Wer sind nach Einschätzung bzw. Kenntnis der Bundesregierung die Verursacher der Umweltzerstörung und Wasserverschmutzung in der Region Tocoa?

19

Wie bewertet die Bundesregierung die Einschätzung des UN-Hochkommissariats für Menschenrechte in Honduras, man müsse die Möglichkeit in Betracht ziehen, dass die Ermordung der beiden Aktivisten Aly Magdaleno Domínguez Ramos und Jairo Bonilla Ayala, die sich gegen Lenir Pérez’ Bergbauprojekte im Nationalpark Carlos Escaleras eingesetzt haben, eine Vergeltungsmaßnahme „für ihre Arbeit zur Verteidigung der Menschenrechte“ war?

20

Verfügt die Bundesregierung über aktuelle Informationen zum Stand der Ermittlungen, die Aufklärung der Morde an Aly Magdaleno Domínguez Ramos und Jairo Bonilla Ayala und die Verfolgung der Täter betreffend, und wie bewertet sie den aktuellen Ermittlungsstand?

21

Wie bewertet nach Kenntnis der Bundesregierung die Geschäftsführung der Flughafen München GmbH bzw. die Geschäftsführung der FMG-Tochtergesellschaft „Munich Airport International GmbH“ die aktuellen Geschehnisse in der honduranischen Region Tocoa, die teils direkt, teils indirekt mit den dortigen Bergbauprojekten ihres Geschäftspartners Lenir Pérez in Verbindung gebracht werden?

22

In welchem Verhältnis steht aus Sicht der Bundesregierung das deutsche Engagement in der Entwicklungszusammenarbeit in Honduras zu den jahrelangen Protesten der indigenen Bevölkerung gegen die Umweltzerstörung und Wasserverschmutzung durch die Bergbauunternehmen von Lenir Pérez in dieser Region?

23

Unterstützt die GIZ GmbH nach Kenntnis der Bundesregierung mit ihrem landesweit ausgerichteten Projekt „Bearbeitung von Ressourcenkonflikten und zur Förderung einer Dialogkultur“ auch die Bevölkerung in der Konfliktregion Tocoa,

a) wenn ja, mit welchen Erfahrungen bzw.
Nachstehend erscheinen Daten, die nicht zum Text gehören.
Lemma flow_shift x e f i j : flow (x + e *: plan_of f) i j = flow x i j + e * f i j.
Proof. by rewrite /flow !mxE mxvecE mxE. Qed.

Lemma continuous_flow i j : continuous (fun x => flow x i j).
Proof. exact: coord_continuous. Qed.

Lemma continuous_load i : continuous (load^~ i).
Proof. by apply: continuous_sum => j; exact: continuous_flow. Qed.

Lemma continuous_inertia : continuous inertia.
Proof. by apply: continuous_sum => i; apply: continuous_mulr_cst; exact: continuous_load. Qed.

Lemma closed_feasible : closed [set x | feasible x].
Proof.
apply/closure_id/seteqP; split => [|x x_cl]; first exact: subset_closure.
have sub C : closed C -> (forall y, feasible y -> C y) -> C x.
  by move=> C_closed feasible_C; exact: closure_sub_closed C_closed feasible_C x x_cl.
have ccst (a : R) : continuous (fun _ : plan => a) := @cst_continuous _ _ a.
split.
- move=> i j; apply: (sub [set y | 0 <= flow y i j]).
    exact: closed_le_fun (ccst 0) (@continuous_flow i j).
  by move=> y /flow_ge0; apply.
- move=> j; apply: (sub [set y | \sum_i flow y i j = mass j]).
    apply: closed_eq_fun (ccst _).
    by apply: continuous_sum => i; exact: continuous_flow.
  by move=> y /flow_mass; apply.
- move=> b i; apply: (sub [set y | \sum_j flow y i j * (coord b (site j))%:~R
                                    = load y i * (coord b (gpt i))%:~R]).
    apply: closed_eq_fun; last exact/continuous_mulr_cst/continuous_load.
    by apply: continuous_sum => j; exact/continuous_mulr_cst/continuous_flow.
  by move=> y /flow_bary; apply.
- move=> i; apply: (sub [set y | load y i <= 2^-1]).
    exact: closed_le_fun (@continuous_load i) (ccst _).
  by move=> y /load_le_half; apply.
- move=> L L_line; apply: (sub [set y | line_load y L <= 3%:R / 2%:R]).
    apply: closed_le_fun (ccst _).
    by apply: continuous_sum => i; exact: continuous_load.
  by move=> y /line_load_le; apply.
Qed.

Lemma feasible_coord_bound x : feasible x -> forall k, 0 <= x ord0 k <= Defs.total A.
Proof.
move=> x_feas k; case/mxvec_indexP: k => i j.
have flow_le_mass i' j' : flow x i' j' <= mass j'.
  by rewrite -(flow_mass x_feas) (bigD1 i') //= lerDl sumr_ge0 // => *; exact: flow_ge0.
rewrite -/(flow x i j) flow_ge0 //= (le_trans (flow_le_mass i j)) //.
rewrite /Defs.total big_tnth (bigD1 j) //= lerDl sumr_ge0 // => j' _.
exact: le_trans (flow_ge0 x_feas i j') (flow_le_mass i j').
Qed.

Lemma compact_feasible : compact [set x | feasible x].
Proof.
apply: (subclosed_compact closed_feasible
  (rV_compact (fun=> @segment_compact R 0 (Defs.total A)))).
by move=> x /feasible_coord_bound x_in k /=; rewrite in_itv /=.
Qed.

Lemma load_ge0 x : feasible x -> forall i, 0 <= load x i.
Proof. by move=> x_feas i; apply: sumr_ge0 => j _; exact: flow_ge0. Qed.

Lemma sum_load x : feasible x -> \sum_i load x i = Defs.total A.
Proof.
move=> x_feas; rewrite /load exchange_big /Defs.total [RHS]big_tnth.
by apply: eq_bigr => j _; exact: flow_mass.
Qed.

Lemma line_load_exchange x L :
  line_load x L = \sum_j \sum_(i | on_line L i) flow x i j.
Proof. exact: exchange_big. Qed.

Section IdentityPlan.
Hypothesis A_counter : counterexample A.

Definition identity_plan : plan :=
  plan_of (fun i j => if i == site_index j then mass j else 0).

Lemma load_identity_plan i : load identity_plan i = mult A (gpt i).
Proof.
rewrite /load flow_plan_of /mult [RHS]big_tnth [RHS]big_mkcond /=.
apply: eq_bigr => j _.
by rewrite -/(site j) -gpt_site_index (inj_eq gpt_inj) eq_sym.
Qed.

Lemma line_load_identity_plan L : line_load identity_plan L = count_in A L.
Proof.
rewrite line_load_exchange flow_plan_of /count_in [RHS]big_tnth [RHS]big_mkcond /=.
by apply: eq_bigr => j _; rewrite sum_if_eq gpt_site_index.
Qed.

Lemma feasible_identity_plan : feasible identity_plan.
Proof.
case: A_counter => -[A_uniq A_ge0] _ A_le_half A_lines _.
have mass_ge0 j : 0 <= mass j by exact: (allP A_ge0 _ (mem_tnth j (in_tuple A))).
split.
- by move=> i j; rewrite flow_plan_of; case: ifP.
- by move=> j; rewrite flow_plan_of (sum_if_eq predT).
- move=> b i; rewrite /load flow_plan_of mulr_suml; apply: eq_bigr => j _.
  by case: eqP => [->|_]; rewrite ?gpt_site_index ?mul0r.
- by move=> i; rewrite load_identity_plan mult_le // invr_ge0 ler0n.
- by move=> L L_line; rewrite line_load_identity_plan A_lines.
Qed.

End IdentityPlan.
Erkenntnissen bisher,

b) wenn nein, aus welchen Gründen nicht?

24

Welche Möglichkeiten der Intervention sind nach Ansicht der Bundesregierung drüber hinaus denkbar, um als Gesellschafterin der FMG gegenüber dem MAI-Kooperationspartner Lenir Pérez Einfluss zu nehmen und Konfliktlösungsstrategien zu entwickeln, die im Sinne von Transparenz, Demokratie, Menschenrechten und ökologischer Nachhaltigkeit wirksam werden?